The difference is the Earth is still generating heat through radioactive
decay - the white dwarf core is all at the same temperature (Isothermal) due
to the de-generate state of the core. As a result the temperatute falls from
.c. 100 M K at the base of the (thin) atmosphere to a few time 10^4 K at the
top.
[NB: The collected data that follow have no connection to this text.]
(* Let $F$ and $H$ be two CNF formulae built over two disjoint sets of variables, and let $x$ be a variable occurring in neither of them. If both $F$ and $H$ are unsatisfiable, then $x$ is an optimal backtracking branching variable for $F +_x H = (F \vee x) \cup (H \vee \neg x)$, i.e., $x$ is the root of some minimum-size backtracking search tree of $F +_x H$.
   Context: A CNF formula is a finite set of clauses (disjunctions of literals); the empty clause is unsatisfiable. For a formula $F$ and a literal $l$, $l \vee F = F \vee l = \{ l \vee \gamma \mid \gamma \in F\}$. For a partial truth assignment $I$ (a set of literals), $F|I$ is the formula obtained by deleting every clause containing a literal true under $I$ and deleting from the remaining clauses every literal false under $I$. $Var(F)$ is the set of variables of $F$. A binary tree is either the empty tree $()$ or a triple $(x~T_1~T_2)$ with a node labelled $x$, left subtree $T_1$ and right subtree $T_2$; its size is its number of nodes. A backtracking search tree (BST) of $F$ is: the empty tree if $F$ contains the empty clause; otherwise a tree $(x~T_1~T_2)$ where $x \in Var(F)$, $T_1$ is a BST of $F|\{\neg x\}$ and $T_2$ is a BST of $F|\{x\}$. An optimal BST is a BST of minimum size. *)

From mathcomp Require Import all_boot.
Set Implicit Arguments. Unset Strict Implicit. Unset Printing Implicit Defensive.

(* Variables are natural numbers; a literal is a pair (variable, polarity),
   polarity true = positive literal x, false = negative literal ~x. *)
Definition var := nat.
Definition lit := (nat * bool)%type.
Definition pos (x : var) : lit := (x, true).
Definition neg (x : var) : lit := (x, false).
Definition negl (l : lit) : lit := (l.1, ~~ l.2).

(* A clause is a finite set of literals, a CNF formula a finite set of
   clauses; both are represented by (finite) lists, read as sets. *)
Definition clause := seq lit.
Definition formula := seq clause.

Definition Var (F : formula) : seq var := flatten [seq [seq l.1 | l <- c] | c <- F].

Definition has_empty (F : formula) : bool := has (fun c : clause => nilp c) F.

Definition restrict (F : formula) (I : seq lit) : formula :=
  [seq [seq m <- c | negl m \notin I] | c <- F & ~~ has (fun m => m \in I) c].

Definition or_lit (l : lit) (F : formula) : formula := [seq l :: c | c <- F].

Definition plus_x (F : formula) (x : var) (H : formula) : formula :=
  or_lit (pos x) F ++ or_lit (neg x) H.

Definition lit_true (a : var -> bool) (l : lit) : bool := a l.1 == l.2.
Definition satisfies (a : var -> bool) (F : formula) : bool :=
  all (fun c : clause => has (lit_true a) c) F.
Definition unsat (F : formula) : Prop := forall a : var -> bool, ~~ satisfies a F.

Inductive tree : Type :=
| Leaf : tree
| Node : var -> tree -> tree -> tree.

Fixpoint tsize (T : tree) : nat :=
  match T with Leaf => 0 | Node _ T1 T2 => (tsize T1 + tsize T2).+1 end.

Inductive is_bst : formula -> tree -> Prop :=
| bst_leaf F : has_empty F -> is_bst F Leaf
| bst_node F x T1 T2 :
    ~~ has_empty F -> x \in Var F ->
    is_bst (restrict F [:: neg x]) T1 ->
    is_bst (restrict F [:: pos x]) T2 ->
    is_bst F (Node x T1 T2).

Definition optimal_bst (F : formula) (T : tree) : Prop :=
  is_bst F T /\ forall T', is_bst F T' -> tsize T <= tsize T'.

(* Every backtracking search tree T of F +_x H contains search trees of F and
   of H whose sizes add up to less than |T|.  By induction on T: branching on
   x yields F and H themselves; branching on a variable y of F (symmetrically,
   of H) leaves H \/ ~x untouched, so the two subtrees give trees for F|~y,
   F|y and (twice) for H, of which we keep the two F-trees below a y-node and
   only one H-tree.
   Replacing an optimal tree by the node x over the trees extracted from it
   thus gives an optimal tree rooted at x; optimal trees exist because an
   unsatisfiable formula has some search tree and sizes are well-founded. *)

From Stdlib Require Import Classical.
From Pilot Require Import Defs.
From mathcomp Require Import all_boot zify.
Set Implicit Arguments. Unset Strict Implicit.

Lemma VarP F v :
  reflect (exists2 c, c \in F & v \in [seq l.1 | l <- c]) (v \in Var F).
Proof. exact: flatten_mapP. Qed.

Lemma Var_cat F G : Var (F ++ G) = Var F ++ Var G.
Proof. by rewrite /Var map_cat flatten_cat. Qed.

Lemma Var_or_lit l F v : v \in Var (or_lit l F) -> (v == l.1) || (v \in Var F).
Proof.
case/VarP=> _ /mapP[c cF ->]; rewrite inE => /orP[-> // | vc].
by apply/orP; right; apply/VarP; exists c.
Qed.

Lemma Var_plus_x F x H v :
  v \in Var (plus_x F x H) -> [|| v == x, v \in Var F | v \in Var H].
Proof.
rewrite /plus_x Var_cat mem_cat.
by case/orP=> /Var_or_lit /orP[-> | ->]; rewrite ?orbT.
Qed.

Lemma mem_Var_plus_x F x H : F != [::] -> x \in Var (plus_x F x H).
Proof. by case: F => // c F _; rewrite /plus_x /Var /= inE eqxx. Qed.

Lemma has_empty_plus_x F x H : ~~ has_empty (plus_x F x H).
Proof.
rewrite /has_empty /plus_x /or_lit has_cat !has_map.
by apply/norP; split; apply/hasPn.
Qed.

Lemma same_var_lit (m l : lit) : m.1 = l.1 -> m = l \/ negl m = l.
Proof. by case: m l => [v b] [w b'] /= <-; case: b; case: b'; auto. Qed.

Lemma eq_negl l : (l == negl l) = false.
Proof. by case: l => v [] /=; rewrite xpair_eqE eqxx. Qed.

Lemma restrict_cat F G I : restrict (F ++ G) I = restrict F I ++ restrict G I.
Proof. by rewrite /restrict filter_cat map_cat. Qed.

Lemma restrict_or_lit_true l F I : l \in I -> restrict (or_lit l F) I = [::].
Proof. by move=> lI; elim: F => //= c F; rewrite /restrict /= lI. Qed.

Lemma restrict_or_lit_false l F I :
  l \notin I -> negl l \in I -> restrict (or_lit l F) I = restrict F I.
Proof.
move=> lI nlI; elim: F => //= c F IH; move: IH; rewrite /restrict /= (negbTE lI) /=.
by case: ifP => _ /= ->; rewrite ?nlI.
Qed.

Lemma restrict_or_lit l F I :
  l \notin I -> negl l \notin I -> restrict (or_lit l F) I = or_lit l (restrict F I).
Proof.
move=> lI nlI; elim: F => //= c F IH; move: IH; rewrite /restrict /= (negbTE lI) /=.
by case: ifP => _ /= ->; rewrite ?nlI.
Qed.

Lemma mem_Var (F : formula) (c : clause) (m : lit) :
  c \in F -> m \in c -> m.1 \in Var F.
Proof. by move=> cF mc; apply/VarP; exists c; last exact: map_f. Qed.

Lemma Var_eq_nil F : Var F = [::] -> ~~ has_empty F -> F = [::].
Proof. by case: F => [|[|m c] F]. Qed.

Lemma restrict_id F I : (forall l, l \in I -> l.1 \notin Var F) -> restrict F I = F.
Proof.
move=> IF; have notI c m : c \in F -> m \in c -> m \notin I.
  by move=> cF mc; apply: contraL (mem_Var cF mc); apply: IF.
rewrite /restrict (all_filterP _); last first.
  by apply/allP => c cF; apply/hasPn => m /(notI _ _ cF).
rewrite -[RHS]map_id; apply/eq_in_map => c cF; apply/all_filterP/allP => m mc.
by apply: contraL (mem_Var cF mc); apply: IF.
Qed.

Lemma Var_restrict_sub F I : {subset Var (restrict F I) <= Var F}.
Proof.
move=> v /VarP[d /mapP[c]]; rewrite mem_filter => /andP[_ cF] -> /mapP[m].
by rewrite mem_filter => /andP[_ mc] ->; exact: mem_Var cF mc.
Qed.

Lemma Var_restrict_notin F I l : l \in I -> l.1 \notin Var (restrict F I).
Proof.
move=> lI; apply/VarP => -[d /mapP[c]]; rewrite mem_filter => /andP[/hasPn cI _] ->.
case/mapP=> m; rewrite mem_filter => /andP[nmI mc] /esym/same_var_lit[ml | nml].
  by move: (cI m mc); rewrite ml lI.
by move: nmI; rewrite nml lI.
Qed.

Lemma size_undup_Var_restrict F I l : l \in I -> l.1 \in Var F ->
  size (undup (Var (restrict F I))) < size (undup (Var F)).
Proof.
move=> lI lF; apply: (@uniq_leq_size _ (l.1 :: _)).
  by rewrite /= undup_uniq mem_undup Var_restrict_notin.
move=> v; rewrite inE !mem_undup => /orP[/eqP -> // |]; exact: Var_restrict_sub.
Qed.

Lemma eq_satisfies a b F : {in Var F, a =1 b} -> satisfies a F = satisfies b F.
Proof.
move=> eq_ab; apply: eq_in_all => c cF; apply: eq_in_has => m mc.
by rewrite /lit_true eq_ab // (mem_Var cF mc).
Qed.

Lemma satisfies_restrict a F I :
  (forall l, l \in I -> lit_true a l) -> satisfies a (restrict F I) -> satisfies a F.
Proof.
move=> Ia /allP sat; apply/allP => c cF.
case: (boolP (has (mem I) c)) => [/hasP[m mc /Ia] | cI].
  by move=> am; apply/hasP; exists m.
have /sat/hasP[m] : [seq m <- c | negl m \notin I] \in restrict F I.
  by apply: map_f; rewrite mem_filter cI.
by rewrite mem_filter => /andP[_ mc] am; apply/hasP; exists m.
Qed.

Lemma unsat_restrict F l : unsat F -> unsat (restrict F [:: l]).
Proof.
move=> uF a; apply/negP => sat.
pose b v := if v == l.1 then l.2 else a v.
have /negP := uF b; apply; apply: (@satisfies_restrict _ _ [:: l]).
  by move=> m; rewrite inE => /eqP ->; rewrite /lit_true /b eqxx.
rewrite -(eq_satisfies (a := a)) // => v vF; rewrite /b ifN //.
by apply: contraNneq (Var_restrict_notin F (mem_head l [::])) => <-.
Qed.

Lemma restrict_plus_x_neg F x H :
  x \notin Var F -> restrict (plus_x F x H) [:: neg x] = F.
Proof.
move=> xF; rewrite restrict_cat restrict_or_lit_false ?inE ?(eq_negl (pos x)) //.
rewrite restrict_or_lit_true ?mem_head // cats0 restrict_id //.
by move=> l /[1!inE] /eqP ->.
Qed.

Lemma restrict_plus_x_pos F x H :
  x \notin Var H -> restrict (plus_x F x H) [:: pos x] = H.
Proof.
move=> xH; rewrite restrict_cat restrict_or_lit_true ?mem_head //.
rewrite restrict_or_lit_false ?inE ?(eq_negl (neg x)) // restrict_id //.
by move=> l /[1!inE] /eqP ->.
Qed.

Lemma restrict_plus_x_l F x H l : l.1 != x -> l.1 \notin Var H ->
  restrict (plus_x F x H) [:: l] = plus_x (restrict F [:: l]) x H.
Proof.
move=> lx lH; have notin b : (x, b) \notin [:: l].
  by rewrite inE; apply: contra lx => /eqP <-.
rewrite restrict_cat !restrict_or_lit ?notin // [restrict H _]restrict_id //.
by move=> k /[1!inE] /eqP ->.
Qed.

Lemma restrict_plus_x_r F x H l : l.1 != x -> l.1 \notin Var F ->
  restrict (plus_x F x H) [:: l] = plus_x F x (restrict H [:: l]).
Proof.
move=> lx lF; have notin b : (x, b) \notin [:: l].
  by rewrite inE; apply: contra lx => /eqP <-.
rewrite restrict_cat !restrict_or_lit ?notin // [restrict F _]restrict_id //.
by move=> k /[1!inE] /eqP ->.
Qed.

Lemma is_bst_Leaf F : is_bst F Leaf -> has_empty F.
Proof. by inversion 1. Qed.

Lemma is_bst_Node F y T1 T2 : is_bst F (Node y T1 T2) ->
  [/\ y \in Var F, is_bst (restrict F [:: neg y]) T1
    & is_bst (restrict F [:: pos y]) T2].
Proof. by inversion 1. Qed.

Lemma is_bst_nonnil F T : is_bst F T -> F != [::].
Proof. by case=> [[] | [] ]. Qed.

Lemma bst_exists F : unsat F -> exists T, is_bst F T.
Proof.
have [n] := ubnP (size (undup (Var F))).
elim: n F => // n IH F; rewrite ltnS => szF uF.
have [eF | neF] := boolP (has_empty F); first by exists Leaf; apply: bst_leaf.
case VF: (Var F) => [|y vs]; first by have := uF predT; rewrite (Var_eq_nil VF neF).
have yF : y \in Var F by rewrite VF mem_head.
have branch l : l.1 = y -> exists T, is_bst (restrict F [:: l]) T.
  move=> ly; apply: IH (unsat_restrict _ uF); apply: leq_trans _ szF.
  by apply: (size_undup_Var_restrict (mem_head l [::])); rewrite ly.
have [T1 b1] := branch (neg y) erefl; have [T2 b2] := branch (pos y) erefl.
by exists (Node y T1 T2); apply: bst_node.
Qed.

Lemma optimal_bst_exists F T : is_bst F T -> exists T', optimal_bst F T'.
Proof.
have [n] := ubnP (Defs.tsize T); elim: n T => // n IH T; rewrite ltnS => szT bT.
have [[T' [bT' ltT']] | noT'] :=
  classic (exists T', is_bst F T' /\ Defs.tsize T' < Defs.tsize T).
  by apply: (IH T') => //; apply: leq_trans ltT' szT.
exists T; split=> // T' bT'; rewrite leqNgt; apply/negP => ltT'.
by apply: noT'; exists T'.
Qed.

Lemma bst_of_subtrees F y T1 T2 : y \in Var F ->
  is_bst (restrict F [:: neg y]) T1 -> is_bst (restrict F [:: pos y]) T2 ->
  exists T, is_bst F T /\ Defs.tsize T <= Defs.tsize (Node y T1 T2).
Proof.
move=> yF b1 b2; have [eF | neF] := boolP (has_empty F).
  by exists Leaf; split=> //; apply: bst_leaf.
by exists (Node y T1 T2); split=> //; apply: bst_node.
Qed.

Lemma bst_plus_x_node F x H TF TH : x \notin Var F -> x \notin Var H ->
  is_bst F TF -> is_bst H TH -> is_bst (plus_x F x H) (Node x TF TH).
Proof.
move=> xF xH bF bH; apply: bst_node; rewrite ?has_empty_plus_x //.
- exact/mem_Var_plus_x/(is_bst_nonnil bF).
- by rewrite restrict_plus_x_neg.
- by rewrite restrict_plus_x_pos.
Qed.

Lemma bst_plus_x_split F x H T :
  (forall v, v \in Var F -> v \notin Var H) -> x \notin Var F -> x \notin Var H ->
  is_bst (plus_x F x H) T ->
  exists TF TH,
    [/\ is_bst F TF, is_bst H TH & Defs.tsize (Node x TF TH) <= Defs.tsize T].
Proof.
elim: T F H => [|y T1 IH1 T2 IH2] F H disj xF xH.
  by move/is_bst_Leaf; rewrite (negbTE (has_empty_plus_x _ _ _)).
case/is_bst_Node=> /Var_plus_x; have [-> _ | yx /= yFH] := eqVneq y x.
  by rewrite restrict_plus_x_neg // restrict_plus_x_pos // => b1 b2; exists T1, T2.
case/orP: yFH => [yF | yH].
  have yH := disj y yF; rewrite !restrict_plus_x_l // => b1 b2.
  have disj' l v : v \in Var (restrict F [:: l]) -> v \notin Var H.
    by move/Var_restrict_sub; apply: disj.
  have xF' l : x \notin Var (restrict F [:: l]).
    by apply: contra xF; apply: Var_restrict_sub.
  have [TF1 [TH1 [bF1 bH1 le1]]] := IH1 _ _ (disj' _) (xF' _) xH b1.
  have [TF2 [TH2 [bF2 _ le2]]] := IH2 _ _ (disj' _) (xF' _) xH b2.
  have [TF [bF leF]] := bst_of_subtrees yF bF1 bF2.
  by exists TF, TH1; split=> //; move: le1 le2 leF => /=; lia.
have yF : y \notin Var F by apply: contraL yH; apply: disj.
rewrite !restrict_plus_x_r // => b1 b2.
have disj' l v : v \in Var F -> v \notin Var (restrict H [:: l]).
  by move/disj; apply: contra; apply: Var_restrict_sub.
have xH' l : x \notin Var (restrict H [:: l]).
  by apply: contra xH; apply: Var_restrict_sub.
have [TF1 [TH1 [bF1 bH1 le1]]] := IH1 _ _ (disj' _) xF (xH' _) b1.
have [TF2 [TH2 [_ bH2 le2]]] := IH2 _ _ (disj' _) xF (xH' _) b2.
have [TH [bH leH]] := bst_of_subtrees yH bH1 bH2.
by exists TF1, TH; split=> //; move: le1 le2 leH => /=; lia.
Qed.

Theorem lemma4 (F H : formula) (x : var) :
  (forall v, v \in Var F -> v \notin Var H) ->
  x \notin Var F -> x \notin Var H ->
  unsat F -> unsat H ->
  exists T1 T2, optimal_bst (plus_x F x H) (Node x T1 T2).
Proof.
move=> disj xF xH uF uH.
have [TF0 bF0] := bst_exists uF; have [TH0 bH0] := bst_exists uH.
have [T [bT optT]] := optimal_bst_exists (bst_plus_x_node xF xH bF0 bH0).
have [TF [TH [bF bH le]]] := bst_plus_x_split disj xF xH bT.
exists TF, TH; split; first exact: bst_plus_x_node.
by move=> T' /optT; apply: leq_trans.
Qed.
Sounds like good stuff to insulate your house with ! Also it absorbs
all the X-Rays from the core ( assuming degenerate matter at 100M K
generates X-Rays)

Does anyone know what the Earth's surface temperature would be from core
heating only ? I seem to recall the power loss is around a couple of watts
per square meter on average ?

John Murrell

Astronomer Without Portfolio

Website www.JohnMurrell.org.uk

From: altair_b@googlegroups.com [mailto:altair_b@googlegroups.com] On Behalf
Of Roy Easto
Sent: 09 November 2012 23:27
To: altair_b@googlegroups.com
Subject: Re: {Altair_B - 3361} -: Planetary Nebulea - thoughts following
Alan's Lecture

Much like the Earth see attached,

Roy

On 09/11/12 21:58, John Murrell wrote:

In last weeks lecture Alan said the temperature of White Dwarfs range from
around 200k Kelvin to 10k Kelvin. When I thought about it this was rather
odd - the White Dwarf is essentially the core of the star compressed so it
heats up more. The Sun's core burning Hydrogen is at around 15 million
Kelvin. This rises to around 100 million Kelvin when the Helium burns into
Carbon and the outer layers are blown off into the planetary nebula. When
the helium burning stops the core collapses and gets even hotter due to
gravitational energy.

So the question is why is the temperature of the white dwarf only a few
times 10^4 Kelvin rather than over 100 million K ?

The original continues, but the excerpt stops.